The youngest server yet arrives. The Mexican Harry Potter explains “what we have here” is their famed mole dish and a basket of blue corn tortillas, but all I’m hearing is a buzzing around my ear. A part of the music, a vibrating phone? No, it’s a mosquito. A pretty big one. He keeps explaining the age of the mole – 3000 days or something like that – but I’m not really paying attention. I’m tracking the mosquito flying around his delicately interlaced fingers. It swerves chaotically in and out of his view, the noise undeniable. He can tell I’m not listening, not looking at him. He has too, but he powers breathlessly through his practiced speech and extends an open hand in invitation – enjoy. The mosquito floats down Harry’s palm and settles on top of the finger tips before they’re snatched away. Then, it’s just me and the mosquito.

How did he not hear it or see it? Or did he, but won’t acknowledge it? Is this standard procedure? Does this happen often? Or is this ability to deny reality in favor of a pristine experience just top-tier service?

Of course there were mosquitos. There was a massive garden surrounding the place and they left the doors open throughout service. Not unlike a shit stain in the toilet, it’s not technically out of place, but it doesn’t feel like it belongs at Pujol. It seems like a restaurant that has thought everything through, from design to layout to execution to presentation, wouldn’t overlook something like this.

Why weren’t they doing anything about it? Sure fly swatters and electric bug catchers would ruin the aesthetic, but I’m sure they could manage to get some specially designed by a famous artist. Bug spray is an obvious option, but then there’s the smell. Maybe tiki torches might be the best to blend in with the decor?

The mood lighting made the mosquito difficult to track but maybe that was the point. I target one between my palms – CLAP – and he escapes. I spot another over the tortillas – CLAP – and he escapes. It’s surprising to find that no one notices or cares what I’m doing.
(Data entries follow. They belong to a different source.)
Lemma prun_spec_mu f : prun_spec f -> prun_spec (PMu f).
Proof.
  intros IHf a s xs <-. simpl.
  set (v := PComp (prun f (S (length xs))) (PProj 2 :: PProj 0 :: projs 3 (length xs))).
  set (h := fun j => run f s (j :: xs)).
  assert (Hv : forall j st, eval v (j :: st :: s :: xs) (oenc (h j))).
  { intros j st. eapply eComp; [| apply IHf; reflexivity].
    repeat (constructor; [solve_proj |]). apply (eval_projs xs [j; st; s]); reflexivity. }
  set (G := fun j st => ifz st (ifz (oenc (h j)) 1 (ifz (pred (oenc (h j))) (S (S j)) 0)) st).
  assert (HG : forall j st, eval (pcond (PProj 1)
                 (pcond v (pconst 1) (pcond (ppred v) (psucc (psucc (PProj 0))) PZero))
                 (PProj 1)) (j :: st :: s :: xs) (G j st)).
  { intros j st. apply eval_pcond; [solve_proj | | solve_proj].
    apply eval_pcond; [auto | apply (eval_pconst 1) |].
    apply eval_pcond; [apply eval_ppred; auto | apply eval_psucc, eval_psucc; solve_proj |].
    constructor. }
  assert (Hstate : forall j, nat_rect (fun _ => nat) 0 (fun j st => G j st) j = mu_state h j).
  { induction j as [|j IH]; simpl; auto. rewrite IH. unfold G.
    destruct (mu_state h j) as [|st]; simpl; auto. destruct (h j) as [[|w]|]; reflexivity. }
  replace (oenc _) with (pred (mu_state h s)) by (destruct (mu_state h s) as [|[|m]]; reflexivity).
  apply eval_ppred. apply eComp with (ys := s :: s :: xs).
  { repeat (constructor; [solve_proj |]). apply (eval_projs xs [s]); reflexivity. }
  rewrite <- Hstate. exact (eval_prec _ _ (fun _ => 0) (fun j st _ => G j st) _ ltac:(constructor) HG s).
Qed.

Lemma eval_prun e a s xs : length xs = a -> eval (prun e a) (s :: xs) (oenc (run e s xs)).
Proof.
  revert a s xs. fold (prun_spec e).
  induction e using prog_ind_strong.
  - intros a s xs _. apply (eval_pconst 1).
  - intros a s xs _. apply eval_psucc, eval_psucc. destruct xs; solve_proj.
  - intros a s xs _. apply eval_psucc. solve_proj.
  - apply prun_spec_comp; auto.
  - apply prun_spec_prec; auto.
  - apply prun_spec_mu; auto.
Qed.

Lemma code_app p b : code (p ++ [b]) = 2 * code p + 1 + (if b then 1 else 0).
Proof. unfold code. rewrite fold_left_app. reflexivity. Qed.

Fixpoint decode_fuel (fuel n : nat) : bstr :=
  match fuel, n with
  | S fuel', S m => decode_fuel fuel' (Nat.div2 m) ++ [Nat.odd m]
  | _, _ => []
  end.

Definition decode (n : nat) : bstr := decode_fuel n n.

Lemma decode_fuel_enough f f' n : n <= f -> n <= f' -> decode_fuel f n = decode_fuel f' n.
Proof.
  revert f' n. induction f; intros f' n H1 H2.
  - assert (n = 0) as -> by lia. destruct f'; auto.
  - destruct n; [destruct f'; auto |]. destruct f' as [|f']; [lia |]. simpl.
    f_equal. apply IHf; pose proof (Nat.le_div2_diag_l n); lia.
Qed.

Lemma decode_S m : decode (S m) = decode (Nat.div2 m) ++ [Nat.odd m].
Proof.
  unfold decode. simpl. f_equal.
  apply decode_fuel_enough; pose proof (Nat.le_div2_diag_l m); lia.
Qed.

Lemma code_decode n : code (decode n) = n.
Proof.
  induction n as [n IH] using lt_wf_ind. destruct n; [reflexivity |].
  rewrite decode_S, code_app, IH by (pose proof (Nat.le_div2_diag_l n); lia).
  pose proof (Nat.div2_odd n). destruct (Nat.odd n); simpl in *; lia.
Qed.

Lemma decode_code p : decode (code p) = p.
Proof.
  induction p as [|b p IH] using rev_ind; [reflexivity |].
  rewrite code_app.
  replace (2 * code p + 1 + (if b then 1 else 0)) with (S (2 * code p + (if b then 1 else 0)))
    by lia.
  rewrite decode_S. destruct b.
  - rewrite Nat.div2_odd', Nat.odd_odd, IH. reflexivity.
  - rewrite Nat.add_0_r, Nat.div2_double, Nat.odd_even, IH. reflexivity.
Qed.

Lemma code_inj p q : code p = code q -> p = q.
Proof. intros H. rewrite <- (decode_code p), <- (decode_code q), H. reflexivity. Qed.

Lemma length_code p : length p = Nat.log2 (code p + 1).
Proof.
  symmetry. apply Nat.log2_unique; [lia |].
  induction p as [|b p IH] using rev_ind; [simpl; lia |].
  rewrite code_app, length_app, Nat.add_1_r. simpl in *. destruct b; lia.
Qed.

(** * Dovetailed search for a common value *)

Fixpoint firstnz (H : nat -> nat) (n : nat) : nat :=
  match n with 0 => 0 | S j => ifz (firstnz H j) (H j) (firstnz H j) end.

Lemma firstnz_witness H n v : firstnz H n = S v -> exists j, j < n /\ H j = S v.
Proof.
  induction n; simpl; intros E; [discriminate |].
  destruct (firstnz H n) eqn:E1; simpl in E.
  - exists n; split; auto.
  - destruct IHn as [j [Hj1 Hj2]]; auto. exists j; split; auto.
Qed.

Lemma firstnz_neq0 H n j : j < n -> H j <> 0 -> firstnz H n <> 0.
Proof.
  induction n; intros Hj Hn; [lia |]. simpl.
  destruct (firstnz H n) eqn:E; simpl; [| lia].
  assert (j < n \/ j = n) as [Hl| ->] by lia; auto. exfalso; apply (IHn Hl Hn); auto.
Qed.

(* [psearch h k] runs [h] on [j :: _ :: L] for [j <= nth k L 0] and returns the first nonzero
   value; the second argument of [h] is the accumulator of the recursion. *)
Definition psearch (h : prog) (k : nat) : prog :=
  PComp (PPrec PZero (pcond (PProj 1) h (PProj 1))) (psucc (PProj k) :: projs 0 (k + 2)).

Lemma eval_psearch h k L (H : nat -> nat) : length L = k + 2 ->
  (forall j z, eval h (j :: z :: L) (H j)) -> eval (psearch h k) L (firstnz H (S (nth k L 0))).
Proof.
  intros Hl Hh. eapply eComp.
  - constructor; [apply eval_psucc; solve_proj |].
    rewrite <- Hl. apply (eval_projs L []); reflexivity.
  - eapply eval_val.
    + apply (eval_prec _ _ (fun _ => 0) (fun k z _ => ifz z (H k) z) L); [constructor |].
      intros. apply eval_pcond; auto; solve_proj.
    + clear. induction (S (nth k L 0)); simpl; auto. rewrite IHn. reflexivity.
Qed.

Section CommonValueSearch.
Variables emin emax ec : prog.
Variable Cf : nat -> nat -> nat.
Hypothesis eval_ec : forall x y, eval ec [x; y] (Cf x y).

(* On [[t'; _; t; _; y; _; x; _; u; r]]: [S m] if [Cf x y = r] and both programs output [m]
   within the bound [u], else [0]. *)
Definition pcandidate : prog :=
  let m1 := PComp (prun emin 2) [PProj 8; PProj 6; PProj 2] in
  let m2 := PComp (prun emax 2) [PProj 8; PProj 4; PProj 0] in
  pcond (peq (PComp ec [PProj 6; PProj 4]) (PProj 9)) PZero (pcond (peq m1 m2) PZero m1).

Definition psearch_all : prog := psearch (psearch (psearch (psearch pcandidate 6) 4) 2) 0.

Definition pcommon : prog :=
  ppred (PComp psearch_all [PMu (pisz psearch_all); PProj 0]).

Definition candidate r u x y t t' : nat :=
  if Cf x y =? r then
    let m := oenc (run emin u [x; t]) in if m =? oenc (run emax u [y; t']) then m else 0
  else 0.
The more I think about it, the more mosquitos I spot. I realize they have no interest in fixing this problem. For them, it doesn’t exist. I was witnessing a great conflict in the fine-dining industry – the desire to solve problems v.s. the preservation of the show for the customer. In the ninth best restaurant in the world with three mosquitos swirling round me as I ate a 3000 day old mole, I knew which side they were on.

They escort me outside for dessert, which was a pretty fitting way to go since mosquitos aren’t out of place in a garden. Businessmen smoke cigars. A couple blows out candles on a coil of churro. Customers settle deep in their seats, eyes glazing over. A clown horn honks relentlessly on the street. I know from experience a man on his bike is selling sweets. Outside this place that noise is very much a part of Mexico. It’s normal. In here, it feels bizarre. More bizarre is that no one aside from me seems to hear it.

Pujol feels like an oasis of time and space – or at least it’s designed to be. A ton of money was spent here to cultivate a specific experience. It wants to shield you from anything the chefs and creators have not crafted, but that’s an impossible feat. Fine dining on this level, I’m realizing, seems to be more about the fantasy. If its about service, nuanced touches, design and style and precision of a purely cultivated experience, then it seems to me fine dining is more a performance than it is a meal. And much like hypnotism, you have to be a willing participant in order for the fantasy to take hold.

The show is a part of any food establishment, from fine dining to street vendors. For me, the show and the food are inseparable. So much so, they should bleed into each other. So, why should the show of it all pretend to be something polished and pristine when eating tacos on broken plastic stools on a sidewalk can just as easily and more enjoyably include mosquitos as well?